Brief:
Print, in exact form, the lines below from the one containing "by move: K3;" through the one containing "have K3 : #|K|", and omit all others.

◆ ◆ ◆ ◆ ◆ ◆ ◆

Lemma edge_block_vertex_nbhd x y : e x y -> x \in v |: N -> y \in v |: N ->
  edge_block [set x; y] :&: V = v |: N.
Proof.
move=> exy xN yN; apply/eqP; rewrite eqEsubset subsetI vertex_nbhd_sub.
rewrite clique_sub_edge_block ?vertex_nbhd_clique ?andbT //.
apply/subsetP => z; rewrite in_setI mem_edge_block => /andP[+ zV].
case/or3P => [/eqP->|/eqP->|/andP[exz eyz]] //; rewrite in_setU1 inE zV /=.
have [//|zv] := eqVneq z v; move: xN yN; rewrite !in_setU1 !inE.
case: eqVneq => [<- _|xv /= /andP[_ evx]]; first by rewrite exz.
case: eqVneq => [<- _|yv /= /andP[_ evy]]; first by rewrite eyz.
by rewrite e_sym; apply: (common_neighbours_adjacent exy) => //; rewrite e_sym.
Qed.

Lemma edge_share_vertex_nbhd f :
  f \in edges_in (v |: N) -> edge_share V f = (#|N|.+1%:R)^-1.
Proof.
move=> /edges_inP[x [y [exy xN yN ->]]].
by rewrite /edge_share edge_block_vertex_nbhd ?card_vertex_nbhd.
Qed.

Lemma edge_block_setD1 x y : x \in V :\ v -> y \in V :\ v -> ~~ ([set x; y] \subset N) ->
  edge_block [set x; y] :&: (V :\ v) = edge_block [set x; y] :&: V.
Proof.
move=> /setD1P[xv xV] /setD1P[yv yV] xyN; apply/setP => z; rewrite !in_setI in_setD1.
have [->|//] := eqVneq z v.
rewrite /= mem_edge_block eq_sym (negbTE xv) eq_sym (negbTE yv) /=.
rewrite andbF vV andbT; apply/esym/negP => /andP[exv eyv]; move/negP: xyN; apply.
by apply/subsetP => u; rewrite !inE => /orP[]/eqP->; rewrite e_sym ?xV ?yV ?exv ?eyv.
Qed.

Lemma sum_edge_share_at_vertex :
  \sum_(f in edges_in V | v \in f) edge_share V f = #|N|%:R / #|N|.+1%:R.
Proof.
have edges_at_v f :
    (f \in edges_in V) && (v \in f) = (f \in [set g in edges_in (v |: N) | v \in g]).
  rewrite inE; apply/andP/andP => -[fE vf]; split => //; last first.
    exact: edges_inS vertex_nbhd_sub _ fE.
  move: fE vf => /edges_inP[x [y [exy xV yV ->]]] vxy; apply/edges_inP; exists x, y.
  split=> //; move: vxy; rewrite !inE => /orP[]/eqP->; rewrite ?eqxx //.
  - by rewrite e_sym exy xV orbT.
  - by rewrite exy yV orbT.
rewrite (eq_bigl _ _ edges_at_v) (eq_bigr (fun=> (#|N|.+1%:R)^-1)); last first.
  by move=> f /setIdP[fE _]; apply: edge_share_vertex_nbhd.
rewrite sumr_const (card_clique_edges_at vertex_nbhd_clique (setU11 v N)).
by rewrite card_vertex_nbhd subSS subn0 -[_ *+ #|N|]mulr_natl.
Qed.

Lemma edge_share_nbhd f : f \in edges_in N ->
  edge_share V f = (#|N|.+1%:R)^-1 /\ edge_share (V :\ v) f = (#|N|%:R)^-1.
Proof.
move=> /edges_inP[x [y [exy xN yN ->]]]; have [xvN yvN] := (setU1r v xN, setU1r v yN).
rewrite /edge_share setIDA !edge_block_vertex_nbhd // card_vertex_nbhd.
by rewrite setU1K ?notin_nbhd_in.
Qed.

Lemma edges_in_nbhd f : (f \in edges_in (V :\ v)) && (f \subset N) = (f \in edges_in N).
Proof.
apply/andP/idP => [[] | fN]; first by rewrite !inE => /andP[-> _].
by rewrite (edges_inS nbhd_in_sub fN); move: fN; rewrite inE => /andP[].
Qed.

Lemma sum_edge_share_setD1 : (0 < #|N|)%N ->
  \sum_(f in edges_in V) edge_share V f =
  \sum_(f in edges_in (V :\ v)) edge_share (V :\ v) f + 2^-1.
Proof.
move=> N_gt0; rewrite (bigID (fun f : {set T} => v \in f)) /= sum_edge_share_at_vertex.
rewrite (eq_bigl [in edges_in (V :\ v)]) => [|f]; last by rewrite !inE subsetD1 andbA.
rewrite (bigID (fun f : {set T} => f \subset N)) /= !(eq_bigl _ _ edges_in_nbhd).
rewrite [in RHS](bigID (fun f : {set T} => f \subset N)) /= !(eq_bigl _ _ edges_in_nbhd).
rewrite (eq_bigr (fun=> (#|N|.+1%:R)^-1)) => [|f /edge_share_nbhd[] //].
rewrite [in RHS](eq_bigr (fun=> (#|N|%:R)^-1)) => [|f /edge_share_nbhd[] //].
rewrite (eq_bigr (edge_share (V :\ v))) => [|f]; last first.
  by move=> /andP[/edges_inP[x [y [_ xV yV ->]]] xyN]; rewrite /edge_share edge_block_setD1.
rewrite !sumr_const -[(#|N|.+1%:R)^-1 *+ _]mulr_natl -[(#|N|%:R)^-1 *+ _]mulr_natl.
rewrite natr_card_clique_edges ?nbhd_in_clique //.
have m_neq0 : (#|N|%:R : R) != 0 by rewrite pnatr_eq0 -lt0n.
have m1_neq0 : (#|N|%:R + 1 : R) != 0 by rewrite natr1 pnatr_eq0.
by rewrite -[#|N|.+1%:R]natr1; field; rewrite m_neq0 m1_neq0.
Qed.

End RemoveVertex.


Lemma sum_edge_share (V : {set T}) : V != set0 -> connected_in e V ->
  \sum_(f in edges_in V) edge_share V f = (#|V|%:R - 1) / 2.
Proof.
have [n] := ubnP #|V|; elim: n V => // n IHn V /ltnSE V_le V0 cV.
have /set0Pn[x0 x0V] := V0.
have [V_le1 | V_gt1] := leqP #|V| 1.
  have V1 : #|V| = 1%N by apply/eqP; rewrite eqn_leq V_le1 card_gt0.
  rewrite V1 subrr mul0r big_pred0 // => f.
  apply/negbTE/edges_inP => -[x [y [exy xV yV _]]].
  by move/card_le1_eqP: V_le1 => /(_ y x yV xV) yx; rewrite yx e_irr in exy.
have [v vV cVv] := exists_non_cut_vertex x0V cV.
have /card_gt0P[u /setD1P[uv uV]] : (0 < #|V :\ v|)%N.
  by move: V_gt1; rewrite (cardsD1 v V) vV add1n ltnS.
have Vv_lt : (#|V :\ v| < n)%N by rewrite (cardsD1 v V) vV in V_le.
have Vv0 : V :\ v != set0 by apply/set0Pn; exists u; rewrite in_setD1 uv.
rewrite (sum_edge_share_setD1 vV cVv (nbhd_in_gt0 cV vV uV uv)) IHn //.
by rewrite (cardsD1 v V) vV add1n -natr1; field.
Qed.

Lemma sum_edge_share_block (K : {set T}) : is_block e K -> (0 < #|K|)%N ->
  \sum_(f in edges_in K) edge_share setT f = (#|K|%:R - 1) / 2.
Proof.
move=> bK K_gt0; rewrite (eq_bigr (fun=> (#|K|%:R)^-1)); last first.
  by move=> f /edges_inP[x [y [exy xK yK ->]]]; rewrite /edge_share setIT (edge_block_eq bK).
rewrite sumr_const -[_ *+ #|edges_in K|]mulr_natl natr_card_clique_edges ?blocks_clique //.
by field; rewrite pnatr_eq0 -lt0n.
Qed.

End EdgeShare.

Section Weights.

Variables (R : realFieldType) (w : {set T} -> R).
Hypothesis w_gt0 : forall f, f \in edges e -> 0 < w f.

Definition vertex_induced (K : {set T}) (a : T -> R) :=
  {in K &, forall u v, u != v -> w [set u; v] = (a u + a v) / 2}.

Definition nonneg_vertex_induced (K : {set T}) :=
  exists a : T -> R, {in K, forall v, 0 <= a v} /\ vertex_induced K a.

Lemma cycle_weight_vertex_induced (K : {set T}) a (t : seq T) : vertex_induced K a ->
  uniq t -> (2 < size t)%N -> cycle e t -> {subset t <= K} ->
  cycle_weight w (cycle_edges t) = \sum_(x in t) a x.
Proof.
move=> aK ut st ct tK; rewrite /cycle_weight big_imset /=; last exact: cycle_edges_inj.
transitivity (\sum_(x in t) (a x + a (next t x)) / 2).
  apply: eq_bigr => x xt; apply: aK; rewrite ?tK ?mem_next //.
  exact: edge_neq (next_cycle ct xt).
by rewrite -mulr_suml big_split /= sum_next //; field.
Qed.

Lemma cycle_weight_gt0 (t : seq T) : cycle e t -> (0 < size t)%N ->
  0 < cycle_weight w (cycle_edges t).
Proof.
case: t => [//|x p] ct _; have Ft := cycle_edges_edges ct.
have xF : [set x; next (x :: p) x] \in cycle_edges (x :: p).
  by apply: imset_f; apply: mem_head.
rewrite /cycle_weight (bigD1 _ xF) /=; apply: lt_le_trans (w_gt0 (Ft _ xF)) _.
by rewrite lerDl; apply: sumr_ge0 => g /andP[gF _]; apply/ltW/w_gt0/Ft.
Qed.

Lemma Cw_gt0 f : f \in edges e -> 0 < Cw e w f.
Proof.
move=> fE; rewrite /Cw; case: ifPn => [/existsP[F /andP[FC fF]] | _]; last first.
  by rewrite mulr_gt0 ?w_gt0.
case/cycle_edgesetP: (FC) => t [ut st ct FE]; subst F.
apply: lt_le_trans (cycle_weight_gt0 ct (ltnW (ltnW st))) _.
by apply: le_bigmax_cond; rewrite FC fF.
Qed.

Lemma Cw_bridge (K : {set T}) f : is_block e K -> #|K| = 2 -> f \in edges_in K ->
  Cw e w f = 2 * w f.
Proof.
move=> bK K2 /edges_inP[x [y [exy xK yK ->]]]; rewrite /Cw ifN //.
apply/existsP => -[F /andP[/cycle_edgesetP[t [ut st ct ->]] xyt]].
have tK := cycle_sub_block bK exy xK yK ut ct xyt.
have : (#|t| <= #|K|)%N by apply/subset_leq_card/subsetP.
by rewrite (card_uniqP ut) K2 leqNgt st.
Qed.

Lemma Cw_block (K : {set T}) a f : is_block e K -> (2 < #|K|)%N -> vertex_induced K a ->
  (forall C : {set T}, C \subset K -> (2 < #|C|)%N ->
     \sum_(x in C) a x <= \sum_(x in K) a x) ->
  f \in edges_in K -> Cw e w f = \sum_(x in K) a x.
Proof.
move=> bK K_gt2 aK a_le /edges_inP[x [y [exy xK yK ->]]].
have [t [ut tK st ct xyt]] := clique_hamilton_cycle (blocks_clique bK) xK yK (edge_neq exy).
have st2 : (2 < size t)%N by rewrite st.
have tK' : {subset t <= K} by move=> z; rewrite tK.
have wt : cycle_weight w (cycle_edges t) = \sum_(z in K) a z.
  by rewrite (cycle_weight_vertex_induced aK ut st2 ct tK'); apply: eq_bigl.
have Ft : is_cycle_edgeset e (cycle_edges t) by apply/cycle_edgesetP; exists t.
rewrite /Cw ifT; last by apply/existsP; exists (cycle_edges t); rewrite Ft xyt.
apply/le_anti/andP; split; last by rewrite -wt; apply: le_bigmax_cond; rewrite Ft xyt.
apply: bigmax_le => [|F /andP[/cycle_edgesetP[s [us ss cs ->]] xys]].
  by rewrite -wt ltW // cycle_weight_gt0 // ltnW // ltnW.
have sK := cycle_sub_block bK exy xK yK us cs xys.
rewrite (cycle_weight_vertex_induced aK us ss cs sK) -big_set /=.
by apply: a_le; [apply/subsetP => z; rewrite inE => /sK | rewrite cardsE (card_uniqP us)].
Qed.


Lemma triangle_vertex_induced (K : {set T}) : #|K| = 3 -> exists a, vertex_induced K a.
Proof.
move=> K3; have /card_gt0P[x xK] : (0 < #|K|)%N by rewrite K3.
have /cards2P[y [z [yz Kx]]] : #|K :\ x| == 2.
  by move: K3; rewrite (cardsD1 x K) xK add1n => -[->].
have /setD1P[yx _] : y \in K :\ x by rewrite Kx !inE eqxx.
have /setD1P[zx _] : z \in K :\ x by rewrite Kx !inE eqxx orbT.
have inK u : (u \in K) = [|| u == x, u == y | u == z].
  by rewrite -(setD1K xK) Kx !inE.
pose A := w [set x; y]; pose B := w [set x; z]; pose C := w [set y; z].
(* the solution of a x + a y = 2 A, a x + a z = 2 B, a y + a z = 2 C *)
exists (fun u => if u == x then A + B - C else if u == y then A + C - B else B + C - A).
move=> u v; rewrite !inK => /or3P[]/eqP-> /or3P[]/eqP->; rewrite ?eqxx // => _;
  rewrite ?(negbTE yx) ?(negbTE zx) ?(negbTE (yz : y != z)) 1?eq_sym ?(negbTE yz) ?eqxx;
  rewrite ?[[set y; x]]setUC ?[[set z; x]]setUC ?[[set z; y]]setUC -/A -/B -/C.
all: by field.
Qed.

Lemma bounded_vertex_weighting (K : {set T}) : (2 < #|K|)%N ->
  ((4 <= #|K|)%N -> nonneg_vertex_induced K) ->
  exists a, vertex_induced K a /\
    forall C : {set T}, C \subset K -> (2 < #|C|)%N -> \sum_(x in C) a x <= \sum_(x in K) a x.
Proof.
move=> K_gt2 large_K; case: (leqP 4 #|K|) => [K_ge4 | K_lt4].
  have [a [a_ge0 aK]] := large_K K_ge4; exists a; split => // C sCK _.
  exact: ler_sum_subset.
have K3 : #|K| = 3 by apply/eqP; rewrite eqn_leq -ltnS K_lt4.
have [a aK] := triangle_vertex_induced K3; exists a; split => // C sCK C_gt2.
by rewrite (_ : C = K) //; apply/eqP; rewrite eqEcard sCK K3.
Qed.

Lemma sum_w_vertex_induced (K : {set T}) a : is_clique e K -> vertex_induced K a ->
  \sum_(f in edges_in K) w f = (\sum_(x in K) a x) *+ (#|K| - 1) / 2.
Proof.
move=> cK aK; rewrite -(clique_sum_over_edges _ cK) mulr_suml.
apply: eq_bigr => _ /edges_inP[x [y [exy xK yK ->]]].
by rewrite sum_set2 ?edge_neq // aK ?edge_neq.
Qed.

Lemma sum_w_div_Cw_block (K : {set T}) : is_block e K -> (1 < #|K|)%N ->
  ((4 <= #|K|)%N -> nonneg_vertex_induced K) ->
  \sum_(f in edges_in K) w f / Cw e w f = (#|K|%:R - 1) / 2.
Proof.
move=> bK K_gt1 large_K; have cK := blocks_clique bK.
have [K_gt2 | K_le2] := ltnP 2 #|K|; last first.
  have K2 : #|K| = 2 by apply/eqP; rewrite eqn_leq K_le2.
  rewrite (eq_bigr (fun=> 2^-1)) => [|f fK]; last first.
    have /w_gt0 wf_gt0 : f \in edges e by move: fK; rewrite inE => /andP[].
    by rewrite (Cw_bridge bK K2 fK); field; rewrite gt_eqF.
  by rewrite sumr_const -[_ *+ _]mulr_natl natr_card_clique_edges // K2; field.
have [a [aK a_le]] := bounded_vertex_weighting K_gt2 large_K.
have CwK := Cw_block bK K_gt2 aK a_le.
have S_gt0 : 0 < \sum_(x in K) a x.
  have /card_gt1P[x [y [xK yK xy]]] := K_gt1.
  have xyK : [set x; y] \in edges_in K.
    by apply/edges_inP; exists x, y; rewrite (cliqueP _ cK).
  by rewrite -(CwK _ xyK) Cw_gt0 //; move: xyK; rewrite inE => /andP[].
rewrite (eq_bigr (fun f => w f / \sum_(x in K) a x)) => [|f /CwK-> //].
rewrite -mulr_suml (sum_w_vertex_induced cK aK) -[_ *+ (#|K| - 1)]mulr_natr.
by rewrite natrB ?(ltnW K_gt1) //; field; rewrite gt_eqF.
Qed.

◆ ◆ ◆ ◆ ◆ ◆ ◆

Exercise solution:
  by move: K3; rewrite (cardsD1 x K) xK add1n => -[->].
have /setD1P[yx _] : y \in K :\ x by rewrite Kx !inE eqxx.
have /setD1P[zx _] : z \in K :\ x by rewrite Kx !inE eqxx orbT.
have inK u : (u \in K) = [|| u == x, u == y | u == z].
  by rewrite -(setD1K xK) Kx !inE.
pose A := w [set x; y]; pose B := w [set x; z]; pose C := w [set y; z].
(* the solution of a x + a y = 2 A, a x + a z = 2 B, a y + a z = 2 C *)
exists (fun u => if u == x then A + B - C else if u == y then A + C - B else B + C - A).
move=> u v; rewrite !inK => /or3P[]/eqP-> /or3P[]/eqP->; rewrite ?eqxx // => _;
  rewrite ?(negbTE yx) ?(negbTE zx) ?(negbTE (yz : y != z)) 1?eq_sym ?(negbTE yz) ?eqxx;
  rewrite ?[[set y; x]]setUC ?[[set z; x]]setUC ?[[set z; y]]setUC -/A -/B -/C.
all: by field.
Qed.

Lemma bounded_vertex_weighting (K : {set T}) : (2 < #|K|)%N ->
  ((4 <= #|K|)%N -> nonneg_vertex_induced K) ->
  exists a, vertex_induced K a /\
    forall C : {set T}, C \subset K -> (2 < #|C|)%N -> \sum_(x in C) a x <= \sum_(x in K) a x.
Proof.
move=> K_gt2 large_K; case: (leqP 4 #|K|) => [K_ge4 | K_lt4].
  have [a [a_ge0 aK]] := large_K K_ge4; exists a; split => // C sCK _.
  exact: ler_sum_subset.
have K3 : #|K| = 3 by apply/eqP; rewrite eqn_leq -ltnS K_lt4.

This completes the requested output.